Lake Ngami is an endorheic lake in Botswana, north of the Kalahari Desert. It is seasonally filled by the Taughe River, an effluent of the Okavango River system flowing out of the western side of the Okavango Delta. It is one of the fragmented remnants of the ancient Lake Makgadikgadi. Although the lake has shrunk dramatically beginning from 1890, it remains an important habitat for birds and wildlife, especially in flood years.

== Visits ==
Lake Ngami had many famous visitors during the 19th (and into the 20th) century. In 1849 David Livingstone described it as a "shimmering lake, some 80 mi long and 20 [30 km] wide". Livingstone also made a few cultural notes about the people living in this area; he noticed they had a story similar to that of the Tower of Babel, except that the builders' heads were "cracked by the fall of the scaffolding" (Missionary Travels, chap. 26).

One of the illustrations is known to have been made on the basis of a sketch by Mr. Alfred Ryder (1825-1850), son of the artist William Mills Rider (1795 - 1841), a young Englishman who had visited Lake Ngami just a few months before Livingstone arrived there. He had died on his way back. Ryder had made a sketch of the lake and although it was left unfinished, Livingstone persuaded Mrs. Ryder to lend it for the illustration of his book.8 Besides carefully copying the lake scenery, the artist employed by Murray was asked to add a family group into the picture to make it more suitable for Livingstone's purposes.

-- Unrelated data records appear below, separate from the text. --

End Iterates.

Section ProjectedGradientStep.
Context {R : realType} {n m : nat} {X : set 'rV[R]_n} {Theta : set 'rV[R]_m}.
Context {f : 'rV[R]_n -> 'rV[R]_m -> R} {grad : 'rV[R]_n -> 'rV[R]_m -> 'rV[R]_n}.
Context {L lam : R}.
Hypothesis convX : is_convex_set X.
Hypothesis L_gt0 : 0 < L.
Hypothesis smooth : forall x y p, X x -> X y -> Theta p ->
  f y p <= f x p + dotv (grad x p) (y - x) + L / 2 * enorm (y - x) ^+ 2.
Hypothesis strongly_convex : forall x y p, X x -> X y -> Theta p ->
  f x p + dotv (grad x p) (y - x) + lam / 2 * enorm (y - x) ^+ 2 <= f y p.
Hypothesis lam_gt0 : 0 < lam.

Lemma minimizer_first_order p xs y : Theta p -> X xs ->
  (forall x, X x -> f xs p <= f x p) -> X y -> 0 <= dotv (grad xs p) (y - xs).
Proof.
move=> Tp Xxs xs_min Xy.
apply: (ge0_linear_term _ (L / 2 * dotv (y - xs) (y - xs))).
  by rewrite mulr_ge0 ?dotvv_ge0 // divr_ge0 // ltW.
move=> a /andP[a_gt0 a_le1].
have Xz : X (a *: y + (1 - a) *: xs) by apply: convX; rewrite ?(ltW a_gt0).
have := smooth _ _ _ Xxs Xz Tp; have := xs_min _ Xz.
have -> : a *: y + (1 - a) *: xs - xs = a *: (y - xs).
  by apply/rowP => i; rewrite !mxE; ring.
rewrite enorm_sqr !(dotvZl, dotvZr) expr2; lra.
Qed.

Context {proj : 'rV[R]_n -> 'rV[R]_n} {eta : R}.
Hypothesis projX : is_euclid_proj X proj.
Hypothesis eta_gt0 : 0 < eta.
Hypothesis eta_le_invL : eta <= 1 / L.

Lemma pgd_step_sqr_contract p xs z : Theta p -> X xs ->
  (forall x, X x -> f xs p <= f x p) -> X z ->
  (1 + eta * lam) * dotv (pgd_step proj grad eta p z - xs) (pgd_step proj grad eta p z - xs)
  <= (1 - eta * lam) * dotv (z - xs) (z - xs).
Proof.
move=> Tp Xxs xs_min Xz; rewrite /pgd_step.
set w := z - eta *: grad z p; set y := proj w.
have Xy : X y := proj1 (projX w).
have := smooth _ _ _ Xz Xy Tp; have := strongly_convex _ _ _ Xz Xxs Tp.
have := strongly_convex _ _ _ Xxs Xy Tp; have := minimizer_first_order _ _ _ Tp Xxs xs_min Xy.
have := euclid_proj_obtuse convX projX w _ Xxs; rewrite -/y.
have -> : w - y = (z - xs) - (y - xs) - eta *: grad z p.
  by apply/rowP => i; rewrite !mxE; ring.
have -> : xs - y = - (y - xs) by rewrite opprB.
have -> : xs - z = - (z - xs) by rewrite opprB.
have -> : y - z = (y - xs) - (z - xs) by apply/rowP => i; rewrite !mxE; ring.
set u := z - xs; set v := y - xs; set g := grad z p; clearbody u v g.
rewrite !enorm_sqr !dotvvB !(dotvNl, dotvNr, dotvBl, dotvBr, dotvZl) opprK.
rewrite (dotvC v u) => obtuse first_order strong_y strong_z smooth_y.
have etaL : eta * L <= 1 by rewrite -ler_pdivlMr.
have := dotvv_ge0 (v - u); rewrite dotvvB (dotvC v u) => vu_ge0.
have descent : lam / 2 * dotv v v
    <= dotv g v + L / 2 * (dotv v v - 2 * dotv u v + dotv u u) - lam / 2 * dotv u u.
  by lra.
(* [eta] times [descent], with [eta L <= 1] and the obtuse angle at [y] *)
have := ler_wpM2l (ltW eta_gt0) descent.
have : 0 <= (1 - eta * L) * (dotv v v - 2 * dotv u v + dotv u u).
  by rewrite mulr_ge0 // subr_ge0.
nra.
Qed.

Lemma pgd_step_contract p xs z : Theta p -> X xs ->
  (forall x, X x -> f xs p <= f x p) -> X z ->
  enorm (pgd_step proj grad eta p z - xs) <= pgd_rate lam eta * enorm (z - xs).
Proof.
move=> Tp Xxs xs_min Xz.
have etalam_gt0 : 0 < 1 + eta * lam by rewrite ltr_wpDr // mulr_ge0 // ltW.
apply: ler_sqrt_mul; rewrite ?dotvv_ge0 // -(ler_pM2l etalam_gt0).
have -> : (1 + eta * lam) * ((1 - 2 * lam * eta / (1 + eta * lam)) * dotv (z - xs) (z - xs))
    = (1 - eta * lam) * dotv (z - xs) (z - xs).
  by field; rewrite gt_eqF.
exact: pgd_step_sqr_contract.
Qed.

Context {Cth : R}.
Hypothesis grad_lipschitz_param : forall x p1 p2, X x -> Theta p1 -> Theta p2 ->
  enorm (grad x p1 - grad x p2) <= Cth * enorm (p1 - p2).

Lemma pgd_step_predicted p q xs z : Theta p -> Theta q -> X xs ->
  (forall x, X x -> f xs p <= f x p) -> X z ->
  enorm (pgd_step proj grad eta q z - xs)
    <= pgd_rate lam eta * enorm (z - xs) + eta * Cth * enorm (p - q).
Proof.
move=> Tp Tq Xxs xs_min Xz.
have -> : pgd_step proj grad eta q z - xs
    = (pgd_step proj grad eta p z - xs) + (proj (z - eta *: grad z q) - proj (z - eta *: grad z p)).
  by apply/rowP => i; rewrite !mxE; ring.
apply: (le_trans (enormD _ _)); apply: lerD; first exact: pgd_step_contract.
apply: (le_trans (euclid_proj_nonexpansive convX projX _ _)).
have -> : z - eta *: grad z q - (z - eta *: grad z p) = eta *: (grad z p - grad z q).
  by apply/rowP => i; rewrite !mxE; ring.
by rewrite enormZ ?(ltW eta_gt0) // -mulrA ler_pM2l // grad_lipschitz_param.
Qed.

Lemma iterates_tracking k thhat x1 xs0 xs p t : (1 <= t)%N ->
  Theta p -> Theta (thhat t.+1) -> X x1 -> X xs -> (forall x, X x -> f xs p <= f x p) ->
  enorm (iterates proj grad eta k thhat x1 t.+1 - xs)
  <= pgd_rate lam eta ^+ k * (enorm (iterates proj grad eta k thhat x1 t - xs0) + enorm (xs0 - xs))
     + eta * Cth * enorm (p - thhat t.+1) * \sum_(i < k) pgd_rate lam eta ^+ i.
Proof.
move=> t_ge1 Tp Tq Xx1 Xxs xs_min; rewrite iteratesS //.
set F := pgd_step proj grad eta (thhat t.+1); set z := iterates _ _ _ _ _ _ t.
have Xz : X z := iterates_in t projX Xx1.
have step y : X y -> enorm (F y - xs) <= pgd_rate lam eta * enorm (y - xs)
    + eta * Cth * enorm (p - thhat t.+1).
  exact: pgd_step_predicted.
apply: (le_trans (iter_perturbed_contraction X F (fun y => enorm (y - xs)) _ _
  (sqrtr_ge0 _) (fun y _ => proj1 (projX _)) step k z Xz)).
rewrite lerD2r ler_wpM2l ?exprn_ge0 ?sqrtr_ge0 //.
have -> : z - xs = (z - xs0) + (xs0 - xs) by apply/rowP => i; rewrite !mxE; ring.
exact: enormD.
Qed.

End ProjectedGradientStep.
Definition supp (F : fieldType) (n : nat) (c : 'rV[F]_n) : {set 'I_n} :=
  [set i | c 0 i != 0].

Lemma suppZ (F : fieldType) (n : nat) (a : F) (c : 'rV[F]_n) :
  a != 0 -> supp (a *: c) = supp c.
Proof. by move=> a0; apply/setP => i; rewrite !inE mxE mulf_eq0 negb_or a0. Qed.

Section ParityCheck.

Variables (F : fieldType) (n r : nat) (C : {vspace 'rV[F]_n}) (H : 'M[F]_(r, n)).

Definition row_restr (s : {set 'I_n}) (c : 'rV[F]_n) : 'rV[F]_#|s| :=
  \row_i c 0 (enum_val i).

Definition row_extend (s : {set 'I_n}) (v : 'rV[F]_#|s|) : 'rV[F]_n :=
  \row_e \sum_i v 0 i * (enum_val i == e)%:R.

Lemma row_extendK (s : {set 'I_n}) : cancel (@row_extend s) (@row_restr s).
Proof.
move=> v; apply/rowP => i; rewrite !mxE (bigD1 i) //= eqxx mulr1 big1 ?addr0 //.
by move=> j ji; rewrite (inj_eq enum_val_inj) (negbTE ji) mulr0.
Qed.

Lemma supp_row_extend (s : {set 'I_n}) (v : 'rV[F]_#|s|) :
  supp (row_extend v) \subset s.
Proof.
apply/subsetP => e; rewrite inE mxE; apply: contraR => es.
rewrite big1 // => i _; case: (enum_val i =P e) => [ie|_]; last by rewrite mulr0.
by rewrite -ie enum_valP in es.
Qed.

Lemma row_restr_eq0 (s : {set 'I_n}) (c : 'rV[F]_n) :
  supp c \subset s -> row_restr s c = 0 -> c = 0.
Proof.
move=> cs /rowP c0; apply/rowP => e; rewrite mxE; case: (boolP (e \in s)) => es.
  by have := c0 (enum_rank_in es e); rewrite !mxE enum_rankK_in.
by apply/eqP; apply: contraR es => ce; apply: (subsetP cs); rewrite inE.
Qed.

Charles John Andersson (who published Lake Ngami; or, Explorations and Discoveries during Four Years' Wanderings in the Wilds of Southwestern Africa in 1856) and Frederick Thomas Green also visited the area in the early 1850s. Frederick Lugard led a British expedition to the lake in 1896. Arnold Weinholt Hodson passed through the area on his journey from Serowe to Victoria Falls in 1906.

Ngami Lacuna, a methane lake on Saturn's moon Titan, is named after this lake.